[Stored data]

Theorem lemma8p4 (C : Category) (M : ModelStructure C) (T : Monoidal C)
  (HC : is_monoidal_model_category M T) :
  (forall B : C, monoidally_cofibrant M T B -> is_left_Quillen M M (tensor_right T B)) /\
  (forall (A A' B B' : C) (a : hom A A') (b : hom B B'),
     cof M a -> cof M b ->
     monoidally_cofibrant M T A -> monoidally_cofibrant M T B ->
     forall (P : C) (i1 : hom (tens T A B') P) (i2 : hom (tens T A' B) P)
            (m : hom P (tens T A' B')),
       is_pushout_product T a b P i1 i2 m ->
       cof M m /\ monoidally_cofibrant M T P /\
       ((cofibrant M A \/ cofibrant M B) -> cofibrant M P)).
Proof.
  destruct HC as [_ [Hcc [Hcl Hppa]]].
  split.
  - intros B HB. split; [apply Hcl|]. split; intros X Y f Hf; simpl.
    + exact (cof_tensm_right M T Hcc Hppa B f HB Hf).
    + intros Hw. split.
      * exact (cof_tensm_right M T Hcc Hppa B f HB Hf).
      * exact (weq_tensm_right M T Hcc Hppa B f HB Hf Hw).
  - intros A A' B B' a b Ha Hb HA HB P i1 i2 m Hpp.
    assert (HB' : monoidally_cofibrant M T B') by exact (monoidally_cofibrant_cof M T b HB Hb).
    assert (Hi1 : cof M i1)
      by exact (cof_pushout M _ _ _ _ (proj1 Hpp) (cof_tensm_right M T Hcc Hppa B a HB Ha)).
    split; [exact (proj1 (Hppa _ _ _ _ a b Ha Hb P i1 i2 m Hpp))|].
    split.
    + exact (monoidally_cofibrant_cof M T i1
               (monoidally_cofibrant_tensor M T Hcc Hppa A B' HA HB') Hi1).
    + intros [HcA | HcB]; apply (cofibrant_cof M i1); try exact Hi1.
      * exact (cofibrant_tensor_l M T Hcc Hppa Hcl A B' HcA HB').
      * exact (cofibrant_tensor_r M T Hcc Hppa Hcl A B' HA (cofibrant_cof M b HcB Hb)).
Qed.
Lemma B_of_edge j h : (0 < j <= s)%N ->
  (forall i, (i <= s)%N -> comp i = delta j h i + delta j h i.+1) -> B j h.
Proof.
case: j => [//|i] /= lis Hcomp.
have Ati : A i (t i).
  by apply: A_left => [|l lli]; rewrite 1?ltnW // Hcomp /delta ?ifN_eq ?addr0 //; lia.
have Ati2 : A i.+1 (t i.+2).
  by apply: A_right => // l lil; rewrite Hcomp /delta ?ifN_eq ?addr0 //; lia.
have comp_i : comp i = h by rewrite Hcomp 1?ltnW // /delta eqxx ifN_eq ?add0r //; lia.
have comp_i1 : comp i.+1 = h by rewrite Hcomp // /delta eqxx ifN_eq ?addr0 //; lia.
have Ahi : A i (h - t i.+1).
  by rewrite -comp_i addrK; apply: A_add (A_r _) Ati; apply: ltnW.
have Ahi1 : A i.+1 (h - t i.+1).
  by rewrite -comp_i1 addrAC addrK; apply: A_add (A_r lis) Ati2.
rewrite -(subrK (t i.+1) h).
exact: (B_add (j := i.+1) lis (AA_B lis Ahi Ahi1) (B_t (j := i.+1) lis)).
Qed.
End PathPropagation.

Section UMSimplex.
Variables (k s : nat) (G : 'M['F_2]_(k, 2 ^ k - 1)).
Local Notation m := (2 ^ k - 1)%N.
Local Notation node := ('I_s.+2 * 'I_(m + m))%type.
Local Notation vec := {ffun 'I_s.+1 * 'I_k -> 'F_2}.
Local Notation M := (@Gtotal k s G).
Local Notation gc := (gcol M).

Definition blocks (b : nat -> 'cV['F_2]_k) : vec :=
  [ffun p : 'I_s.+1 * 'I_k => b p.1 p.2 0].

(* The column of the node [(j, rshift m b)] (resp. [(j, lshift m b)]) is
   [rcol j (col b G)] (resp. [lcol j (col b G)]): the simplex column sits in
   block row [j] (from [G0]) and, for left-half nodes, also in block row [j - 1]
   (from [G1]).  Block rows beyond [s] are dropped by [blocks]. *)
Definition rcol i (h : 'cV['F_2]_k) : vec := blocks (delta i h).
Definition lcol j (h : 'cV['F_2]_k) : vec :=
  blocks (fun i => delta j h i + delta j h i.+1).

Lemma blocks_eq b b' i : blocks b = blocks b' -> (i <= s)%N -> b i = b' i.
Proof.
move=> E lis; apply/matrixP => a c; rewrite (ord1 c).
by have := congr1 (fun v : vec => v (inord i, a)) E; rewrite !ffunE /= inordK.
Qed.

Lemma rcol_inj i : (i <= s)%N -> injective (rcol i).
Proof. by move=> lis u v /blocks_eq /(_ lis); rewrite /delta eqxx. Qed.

Problem details:
Repeat, exactly and in full, the records shown above.

Exercise response:
Theorem lemma8p4 (C : Category) (M : ModelStructure C) (T : Monoidal C)
  (HC : is_monoidal_model_category M T) :
  (forall B : C, monoidally_cofibrant M T B -> is_left_Quillen M M (tensor_right T B)) /\
  (forall (A A' B B' : C) (a : hom A A') (b : hom B B'),
     cof M a -> cof M b ->
     monoidally_cofibrant M T A -> monoidally_cofibrant M T B ->
     forall (P : C) (i1 : hom (tens T A B') P) (i2 : hom (tens T A' B) P)
            (m : hom P (tens T A' B')),
       is_pushout_product T a b P i1 i2 m ->
       cof M m /\ monoidally_cofibrant M T P /\
       ((cofibrant M A \/ cofibrant M B) -> cofibrant M P)).
Proof.
  destruct HC as [_ [Hcc [Hcl Hppa]]].
  split.
  - intros B HB. split; [apply Hcl|]. split; intros X Y f Hf; simpl.
    + exact (cof_tensm_right M T Hcc Hppa B f HB Hf).
    + intros Hw. split.
      * exact (cof_tensm_right M T Hcc Hppa B f HB Hf).
      * exact (weq_tensm_right M T Hcc Hppa B f HB Hf Hw).
  - intros A A' B B' a b Ha Hb HA HB P i1 i2 m Hpp.
    assert (HB' : monoidally_cofibrant M T B') by exact (monoidally_cofibrant_cof M T b HB Hb).
    assert (Hi1 : cof M i1)
      by exact (cof_pushout M _ _ _ _ (proj1 Hpp) (cof_tensm_right M T Hcc Hppa B a HB Ha)).
    split; [exact (proj1 (Hppa _ _ _ _ a b Ha Hb P i1 i2 m Hpp))|].
    split.
    + exact (monoidally_cofibrant_cof M T i1
               (monoidally_cofibrant_tensor M T Hcc Hppa A B' HA HB') Hi1).
    + intros [HcA | HcB]; apply (cofibrant_cof M i1); try exact Hi1.
      * exact (cofibrant_tensor_l M T Hcc Hppa Hcl A B' HcA HB').
      * exact (cofibrant_tensor_r M T Hcc Hppa Hcl A B' HA (cofibrant_cof M b HcB Hb)).
Qed.
Lemma B_of_edge j h : (0 < j <= s)%N ->
  (forall i, (i <= s)%N -> comp i = delta j h i + delta j h i.+1) -> B j h.
Proof.
case: j => [//|i] /= lis Hcomp.
have Ati : A i (t i).
  by apply: A_left => [|l lli]; rewrite 1?ltnW // Hcomp /delta ?ifN_eq ?addr0 //; lia.
have Ati2 : A i.+1 (t i.+2).
  by apply: A_right => // l lil; rewrite Hcomp /delta ?ifN_eq ?addr0 //; lia.
have comp_i : comp i = h by rewrite Hcomp 1?ltnW // /delta eqxx ifN_eq ?add0r //; lia.
have comp_i1 : comp i.+1 = h by rewrite Hcomp // /delta eqxx ifN_eq ?addr0 //; lia.
have Ahi : A i (h - t i.+1).
  by rewrite -comp_i addrK; apply: A_add (A_r _) Ati; apply: ltnW.
have Ahi1 : A i.+1 (h - t i.+1).
  by rewrite -comp_i1 addrAC addrK; apply: A_add (A_r lis) Ati2.
rewrite -(subrK (t i.+1) h).
exact: (B_add (j := i.+1) lis (AA_B lis Ahi Ahi1) (B_t (j := i.+1) lis)).
Qed.
End PathPropagation.

Section UMSimplex.
Variables (k s : nat) (G : 'M['F_2]_(k, 2 ^ k - 1)).
Local Notation m := (2 ^ k - 1)%N.
Local Notation node := ('I_s.+2 * 'I_(m + m))%type.
Local Notation vec := {ffun 'I_s.+1 * 'I_k -> 'F_2}.
Local Notation M := (@Gtotal k s G).
Local Notation gc := (gcol M).

Definition blocks (b : nat -> 'cV['F_2]_k) : vec :=
  [ffun p : 'I_s.+1 * 'I_k => b p.1 p.2 0].

(* The column of the node [(j, rshift m b)] (resp. [(j, lshift m b)]) is
   [rcol j (col b G)] (resp. [lcol j (col b G)]): the simplex column sits in
   block row [j] (from [G0]) and, for left-half nodes, also in block row [j - 1]
   (from [G1]).  Block rows beyond [s] are dropped by [blocks]. *)
Definition rcol i (h : 'cV['F_2]_k) : vec := blocks (delta i h).
Definition lcol j (h : 'cV['F_2]_k) : vec :=
  blocks (fun i => delta j h i + delta j h i.+1).

Lemma blocks_eq b b' i : blocks b = blocks b' -> (i <= s)%N -> b i = b' i.
Proof.
move=> E lis; apply/matrixP => a c; rewrite (ord1 c).
by have := congr1 (fun v : vec => v (inord i, a)) E; rewrite !ffunE /= inordK.
Qed.

Lemma rcol_inj i : (i <= s)%N -> injective (rcol i).
Proof. by move=> lis u v /blocks_eq /(_ lis); rewrite /delta eqxx. Qed.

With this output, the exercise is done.